*** INFORMATION GIVEN

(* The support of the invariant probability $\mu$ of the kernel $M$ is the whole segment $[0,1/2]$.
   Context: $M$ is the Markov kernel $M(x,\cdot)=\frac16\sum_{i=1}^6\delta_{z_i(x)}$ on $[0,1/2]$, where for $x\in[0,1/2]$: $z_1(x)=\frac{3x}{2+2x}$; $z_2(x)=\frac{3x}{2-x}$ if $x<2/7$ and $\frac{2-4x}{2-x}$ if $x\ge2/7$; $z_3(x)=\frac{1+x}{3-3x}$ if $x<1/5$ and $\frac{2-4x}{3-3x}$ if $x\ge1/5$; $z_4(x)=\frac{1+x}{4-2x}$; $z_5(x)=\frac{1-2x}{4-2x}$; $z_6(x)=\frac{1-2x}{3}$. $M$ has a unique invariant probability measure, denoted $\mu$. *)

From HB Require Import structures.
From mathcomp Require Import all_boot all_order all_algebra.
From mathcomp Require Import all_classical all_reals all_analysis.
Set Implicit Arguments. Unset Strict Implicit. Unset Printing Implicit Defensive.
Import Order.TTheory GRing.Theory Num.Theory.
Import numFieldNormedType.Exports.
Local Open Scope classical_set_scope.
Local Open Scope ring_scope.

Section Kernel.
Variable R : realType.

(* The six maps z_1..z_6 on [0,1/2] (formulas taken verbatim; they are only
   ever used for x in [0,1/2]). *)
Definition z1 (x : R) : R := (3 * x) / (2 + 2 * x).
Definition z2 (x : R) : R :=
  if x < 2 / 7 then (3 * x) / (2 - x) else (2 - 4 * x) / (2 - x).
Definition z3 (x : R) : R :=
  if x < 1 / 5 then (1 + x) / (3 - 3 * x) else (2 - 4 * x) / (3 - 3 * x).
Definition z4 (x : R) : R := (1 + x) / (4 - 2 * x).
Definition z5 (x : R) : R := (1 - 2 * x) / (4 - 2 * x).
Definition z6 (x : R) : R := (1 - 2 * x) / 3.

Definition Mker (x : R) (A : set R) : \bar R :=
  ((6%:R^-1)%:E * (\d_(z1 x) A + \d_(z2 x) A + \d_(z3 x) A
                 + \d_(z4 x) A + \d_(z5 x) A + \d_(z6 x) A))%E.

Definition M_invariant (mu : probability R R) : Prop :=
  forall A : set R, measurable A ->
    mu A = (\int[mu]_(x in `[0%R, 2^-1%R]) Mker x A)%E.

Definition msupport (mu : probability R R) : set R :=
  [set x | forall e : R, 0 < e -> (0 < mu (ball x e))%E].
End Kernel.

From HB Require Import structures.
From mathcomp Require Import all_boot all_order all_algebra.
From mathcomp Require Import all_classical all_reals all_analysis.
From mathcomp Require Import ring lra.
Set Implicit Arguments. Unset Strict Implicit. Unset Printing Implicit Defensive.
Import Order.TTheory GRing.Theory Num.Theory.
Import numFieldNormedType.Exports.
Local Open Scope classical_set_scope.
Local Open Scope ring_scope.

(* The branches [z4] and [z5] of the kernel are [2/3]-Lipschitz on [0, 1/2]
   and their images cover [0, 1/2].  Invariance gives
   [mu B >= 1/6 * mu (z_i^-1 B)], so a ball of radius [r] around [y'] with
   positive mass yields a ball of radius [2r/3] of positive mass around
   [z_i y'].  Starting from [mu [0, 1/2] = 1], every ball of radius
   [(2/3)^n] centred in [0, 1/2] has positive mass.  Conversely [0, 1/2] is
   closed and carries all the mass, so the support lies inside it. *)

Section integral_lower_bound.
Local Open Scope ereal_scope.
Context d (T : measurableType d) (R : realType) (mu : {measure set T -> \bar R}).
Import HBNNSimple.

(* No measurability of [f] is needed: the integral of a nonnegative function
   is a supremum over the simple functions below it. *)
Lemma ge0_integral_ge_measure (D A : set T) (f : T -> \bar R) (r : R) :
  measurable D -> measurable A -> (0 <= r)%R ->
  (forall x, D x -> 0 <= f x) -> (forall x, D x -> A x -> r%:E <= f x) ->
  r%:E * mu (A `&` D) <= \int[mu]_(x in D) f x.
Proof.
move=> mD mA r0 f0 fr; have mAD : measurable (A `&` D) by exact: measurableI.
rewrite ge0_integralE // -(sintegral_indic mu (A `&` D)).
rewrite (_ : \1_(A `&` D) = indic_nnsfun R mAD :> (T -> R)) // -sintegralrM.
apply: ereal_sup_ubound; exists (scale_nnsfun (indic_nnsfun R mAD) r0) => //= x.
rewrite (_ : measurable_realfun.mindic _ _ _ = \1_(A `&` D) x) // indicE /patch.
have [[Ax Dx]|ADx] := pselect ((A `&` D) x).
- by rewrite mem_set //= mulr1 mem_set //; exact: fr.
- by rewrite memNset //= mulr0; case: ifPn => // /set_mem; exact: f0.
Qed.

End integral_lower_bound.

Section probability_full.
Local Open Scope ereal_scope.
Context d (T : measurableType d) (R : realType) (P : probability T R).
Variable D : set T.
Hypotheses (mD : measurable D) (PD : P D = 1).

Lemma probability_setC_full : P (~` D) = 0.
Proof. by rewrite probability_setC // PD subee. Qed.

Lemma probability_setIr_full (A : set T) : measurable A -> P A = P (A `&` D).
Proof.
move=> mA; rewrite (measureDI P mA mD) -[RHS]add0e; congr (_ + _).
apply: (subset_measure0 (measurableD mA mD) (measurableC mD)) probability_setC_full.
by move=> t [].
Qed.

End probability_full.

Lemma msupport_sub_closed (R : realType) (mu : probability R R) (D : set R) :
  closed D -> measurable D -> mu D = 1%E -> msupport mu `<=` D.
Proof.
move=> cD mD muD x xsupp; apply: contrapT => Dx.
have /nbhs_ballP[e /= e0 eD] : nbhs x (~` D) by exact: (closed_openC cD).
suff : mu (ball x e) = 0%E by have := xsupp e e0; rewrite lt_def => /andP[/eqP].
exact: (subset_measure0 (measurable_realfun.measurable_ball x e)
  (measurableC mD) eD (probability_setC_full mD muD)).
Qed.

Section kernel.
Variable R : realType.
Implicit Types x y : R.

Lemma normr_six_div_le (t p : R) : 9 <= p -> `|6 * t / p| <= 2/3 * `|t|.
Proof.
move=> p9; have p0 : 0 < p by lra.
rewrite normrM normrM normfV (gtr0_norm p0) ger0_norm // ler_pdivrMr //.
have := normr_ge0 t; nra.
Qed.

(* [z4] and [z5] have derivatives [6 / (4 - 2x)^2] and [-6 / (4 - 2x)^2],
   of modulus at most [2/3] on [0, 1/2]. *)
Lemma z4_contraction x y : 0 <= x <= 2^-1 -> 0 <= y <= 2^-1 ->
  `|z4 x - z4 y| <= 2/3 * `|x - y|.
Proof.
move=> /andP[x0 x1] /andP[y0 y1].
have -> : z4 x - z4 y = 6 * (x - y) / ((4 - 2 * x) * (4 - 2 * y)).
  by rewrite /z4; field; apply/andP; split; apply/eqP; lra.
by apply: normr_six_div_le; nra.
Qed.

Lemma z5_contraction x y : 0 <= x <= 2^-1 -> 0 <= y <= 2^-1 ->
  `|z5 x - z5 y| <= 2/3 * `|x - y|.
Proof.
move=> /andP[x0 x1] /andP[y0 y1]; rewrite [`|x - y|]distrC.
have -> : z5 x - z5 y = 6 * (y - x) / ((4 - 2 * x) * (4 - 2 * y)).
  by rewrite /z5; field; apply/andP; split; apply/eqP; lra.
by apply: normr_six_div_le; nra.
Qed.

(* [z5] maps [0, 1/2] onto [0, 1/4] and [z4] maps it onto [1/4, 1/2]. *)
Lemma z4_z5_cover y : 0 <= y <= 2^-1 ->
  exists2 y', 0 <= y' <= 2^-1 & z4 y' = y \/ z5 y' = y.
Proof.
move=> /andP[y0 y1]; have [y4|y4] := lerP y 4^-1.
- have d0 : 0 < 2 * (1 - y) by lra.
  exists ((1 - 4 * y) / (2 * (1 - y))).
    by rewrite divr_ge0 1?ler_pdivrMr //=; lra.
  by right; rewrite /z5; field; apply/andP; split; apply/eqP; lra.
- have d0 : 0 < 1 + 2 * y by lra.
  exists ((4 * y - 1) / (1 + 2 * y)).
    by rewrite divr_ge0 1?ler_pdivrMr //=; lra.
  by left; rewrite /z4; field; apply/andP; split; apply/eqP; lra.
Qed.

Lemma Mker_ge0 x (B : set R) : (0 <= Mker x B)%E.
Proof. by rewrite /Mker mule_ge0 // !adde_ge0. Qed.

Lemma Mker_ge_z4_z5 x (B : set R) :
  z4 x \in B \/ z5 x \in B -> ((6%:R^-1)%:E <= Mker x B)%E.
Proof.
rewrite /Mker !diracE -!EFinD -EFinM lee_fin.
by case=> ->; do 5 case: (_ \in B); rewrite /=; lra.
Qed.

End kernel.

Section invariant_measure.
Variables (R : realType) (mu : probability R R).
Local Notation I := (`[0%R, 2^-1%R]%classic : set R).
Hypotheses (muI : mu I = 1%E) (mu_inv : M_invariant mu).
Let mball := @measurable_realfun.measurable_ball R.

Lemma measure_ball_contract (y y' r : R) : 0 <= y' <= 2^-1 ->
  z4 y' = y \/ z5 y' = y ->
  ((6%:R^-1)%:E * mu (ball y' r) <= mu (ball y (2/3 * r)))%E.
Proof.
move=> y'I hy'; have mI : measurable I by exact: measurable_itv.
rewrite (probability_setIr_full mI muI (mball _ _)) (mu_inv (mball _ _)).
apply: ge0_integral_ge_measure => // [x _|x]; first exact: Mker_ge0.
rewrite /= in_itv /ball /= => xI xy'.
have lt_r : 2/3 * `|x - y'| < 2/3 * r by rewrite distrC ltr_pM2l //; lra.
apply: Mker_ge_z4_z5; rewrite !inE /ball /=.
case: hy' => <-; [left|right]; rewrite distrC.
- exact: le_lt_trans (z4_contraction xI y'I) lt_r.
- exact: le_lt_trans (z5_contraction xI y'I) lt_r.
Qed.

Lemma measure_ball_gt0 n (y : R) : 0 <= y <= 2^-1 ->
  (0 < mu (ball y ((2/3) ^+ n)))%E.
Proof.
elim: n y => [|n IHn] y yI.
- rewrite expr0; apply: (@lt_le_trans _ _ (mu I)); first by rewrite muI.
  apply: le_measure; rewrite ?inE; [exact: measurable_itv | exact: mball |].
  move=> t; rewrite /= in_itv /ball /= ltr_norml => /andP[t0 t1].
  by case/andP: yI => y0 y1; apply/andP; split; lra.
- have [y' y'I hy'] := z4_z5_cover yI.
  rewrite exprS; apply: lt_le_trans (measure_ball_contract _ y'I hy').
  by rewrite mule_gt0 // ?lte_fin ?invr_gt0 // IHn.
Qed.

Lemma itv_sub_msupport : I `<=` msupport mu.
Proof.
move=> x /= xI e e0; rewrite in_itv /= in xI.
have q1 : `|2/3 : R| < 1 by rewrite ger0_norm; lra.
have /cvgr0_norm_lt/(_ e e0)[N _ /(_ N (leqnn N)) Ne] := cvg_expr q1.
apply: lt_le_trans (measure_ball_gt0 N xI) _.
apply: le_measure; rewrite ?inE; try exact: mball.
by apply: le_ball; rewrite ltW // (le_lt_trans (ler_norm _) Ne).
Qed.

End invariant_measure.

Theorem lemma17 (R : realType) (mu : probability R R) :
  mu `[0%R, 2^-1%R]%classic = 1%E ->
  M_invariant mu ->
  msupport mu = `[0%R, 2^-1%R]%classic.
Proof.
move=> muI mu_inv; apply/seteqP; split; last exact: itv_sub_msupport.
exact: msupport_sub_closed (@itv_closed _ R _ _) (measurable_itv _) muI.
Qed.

******

WHAT YOU NEED TO DO
Retype only the stretch of lines above starting at the one with "(* [z5] maps" and stopping at the one with "Let mball := @measurable_realfun.measurable_ball", exactly as written, with both kept.

RESULT BELOW
(* [z5] maps [0, 1/2] onto [0, 1/4] and [z4] maps it onto [1/4, 1/2]. *)
Lemma z4_z5_cover y : 0 <= y <= 2^-1 ->
  exists2 y', 0 <= y' <= 2^-1 & z4 y' = y \/ z5 y' = y.
Proof.
move=> /andP[y0 y1]; have [y4|y4] := lerP y 4^-1.
- have d0 : 0 < 2 * (1 - y) by lra.
  exists ((1 - 4 * y) / (2 * (1 - y))).
    by rewrite divr_ge0 1?ler_pdivrMr //=; lra.
  by right; rewrite /z5; field; apply/andP; split; apply/eqP; lra.
- have d0 : 0 < 1 + 2 * y by lra.
  exists ((4 * y - 1) / (1 + 2 * y)).
    by rewrite divr_ge0 1?ler_pdivrMr //=; lra.
  by left; rewrite /z4; field; apply/andP; split; apply/eqP; lra.
Qed.

Lemma Mker_ge0 x (B : set R) : (0 <= Mker x B)%E.
Proof. by rewrite /Mker mule_ge0 // !adde_ge0. Qed.

Lemma Mker_ge_z4_z5 x (B : set R) :
  z4 x \in B \/ z5 x \in B -> ((6%:R^-1)%:E <= Mker x B)%E.
Proof.
rewrite /Mker !diracE -!EFinD -EFinM lee_fin.
by case=> ->; do 5 case: (_ \in B); rewrite /=; lra.
Qed.

End kernel.

Section invariant_measure.
Variables (R : realType) (mu : probability R R).
Local Notation I := (`[0%R, 2^-1%R]%classic : set R).
Hypotheses (muI : mu I = 1%E) (mu_inv : M_invariant mu).
Let mball := @measurable_realfun.measurable_ball R.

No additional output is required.